W3C home > Mailing lists > Public > public-html@w3.org > June 2013

Re: During HTML parsing, are *all* named character references replaced by their corresponding glyph?

From: Leif Halvard Silli <xn--mlform-iua@xn--mlform-iua.no>
Date: Wed, 26 Jun 2013 11:47:39 +0200
To: "Jukka K. Korpela" <jukka.k.korpela@kolumbus.fi>
Cc: public-html@w3.org
Message-ID: <20130626114739638472.862b4f2a@xn--mlform-iua.no>
Jukka K. Korpela, Wed, 26 Jun 2013 10:03:24 +0300:
> 2013-06-26 2:31, Leif Halvard Silli kirjoitti:
>> Jukka K. Korpela, Mon, 24 Jun 2013 22:57:19 +0300:
>> 
>>> it seems
>>> to me that script, style, and xmp elements have special parsing rules
>>> whereas iframe, noembed, noframes, and noscript don’t.
>> It seems to me that Mike was definitely right:
>> http://software.hixie.ch/utilities/js/live-dom-viewer/saved/2371#dom

> 
> Right as regards to actual browser behavior, or as regards to draft 
> specifications?

Browser behavior (with exceptions). And spec.

> The latter seem to describe this only in the parsing rules, 

You mean, in the spec’s parsing section? [1] I don't think that is 100% 
correct. E.g. the specification of iframe, has some paragraphs about 
its content model, quoting: [2]

]]
   When used in HTML documents, the allowed content model of
   iframe elements is text, [ … snip … ]
   
   The iframe element must be empty in XML documents.

   NOTE: The HTML parser treats markup inside iframe elements
         as text.
[[

But what is difficult to understand is why - for HTML, it is 
*permitted* to place seemingly *any* text (but the string </iframe>) 
inside iframe. I.e. what’s the usecase. I wouldn't mind if someone shed 
some light on that …

I also don't understand why content is forbidden in XHTML. I mean, it 
is easy to think that content could function as fallback, for instance. 
But if it can’t, then why would someone place anything there at all? 
But if the content *can* be used as fallback, then it should be allowed 
even in XML!

In HTML4, it was used for fallback, but only for browsers that didn't 
understand iframe, see HTML4’s example.[3] And as it turns out, text 
browsers *do* parse the child content of iframe "normally" - that is, 
not as text but as markup.

> which are rather complicated and confusing.

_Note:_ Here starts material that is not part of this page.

(* The reduction systems $(\mathcal T,\to_{\lambda j/{\tt CS}})$ and $(\mathcal T,\to_{\lambda j/{\tt o}})$ are both confluent and enjoy PSN (every $\beta$-strongly normalizing $\lambda$-term is strongly normalizing for $\to_{\lambda j/{\tt CS}}$, resp. $\to_{\lambda j/{\tt o}}$).
   Context: $\mathcal T$ is the set of $\lambda j$-terms, generated by $t,u::= x\mid \lambda x.t\mid t\,u\mid t[x/u]$; $\lambda x.t$ and $t[x/u]$ bind $x$ in $t$ (not in $u$), and terms are considered modulo $\alpha$-conversion. $\lambda$-terms are those without jumps. $\mathrm{fv}(t)$ is the set of free variables, $t\{x/u\}$ is capture-avoiding meta-level substitution, and $|t|_x$ is the number of free occurrences of $x$ in $t$. If $|t|_x=n\ge2$, $t_{[y]_x}$ denotes any term obtained from $t$ by replacing $k$ of the free occurrences of $x$ by a fresh variable $y$, for some $1\le k\le n-1$. ${\tt L}$ denotes a (possibly empty) list of jumps $[x_1/u_1]\dots[x_k/u_k]$. The rewriting rules, closed under all contexts, are: $({\tt dB})$ $(\lambda x.t){\tt L}\,u\to t[x/u]{\tt L}$ where no $x_i$ of ${\tt L}$ is free in $u$; $({\tt w})$ $t[x/u]\to t$ if $|t|_x=0$; $({\tt d})$ $t[x/u]\to t\{x/u\}$ if $|t|_x=1$; $({\tt c})$ $t[x/u]\to t_{[y]_x}[x/u][y/u]$ if $|t|_x\ge2$, $y$ fresh. $\to_{\lambda j}$ is the union of all four. $\equiv_{\tt CS}$ is the smallest equivalence closed under contexts containing $t[x/s][y/v]\sim t[y/v][x/s]$ whenever $x\notin\mathrm{fv}(v)$ and $y\notin\mathrm{fv}(s)$. $\equiv_{\tt o}$ is the smallest equivalence closed under contexts containing that equation together with $\lambda y.(t[x/s])\sim(\lambda y.t)[x/s]$ if $y\notin\mathrm{fv}(s)$, and $t[x/s]\,v\sim(t\,v)[x/s]$ if $x\notin\mathrm{fv}(v)$. For an equivalence ${\tt E}$, $t\to_{\lambda j/{\tt E}}u$ iff $t\equiv_{\tt E}t'\to_{\lambda j}u'\equiv_{\tt E}u$ for some $t',u'$. $\beta$-reduction is the contextual closure of $(\lambda x.t)u\to t\{x/u\}$. *)

(* lambda-j terms with de Bruijn indices (terms modulo alpha). *)
From Stdlib Require Import Arith List Relations.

For Polyglot Markup, I think we will describe content that is treated 
as text under a common heading.[4] This because I agree that the 
subject is confusing and difficult to get overview over.

> On IE 9, iframe, noembed, noframes, and noscript are parsed by normal rules.
> Isn’t this the browser tradition and required by all HTML 
> specifications up to
> HTML 4.01 and XHTML 1.1 (to the extent that they allow these elements
> in the first place)?
> 
> It’s a bit shocking that Firefox and Chrome as well as IE 10 deviate 
> from this.

I have not checked how IE9 (and below) behave. But you are mistaken if 
you think that HTML5 always aligned with what legacy IE do/did - e.g. 
sometimes it was one or more other legacy browsers that "won" the deal.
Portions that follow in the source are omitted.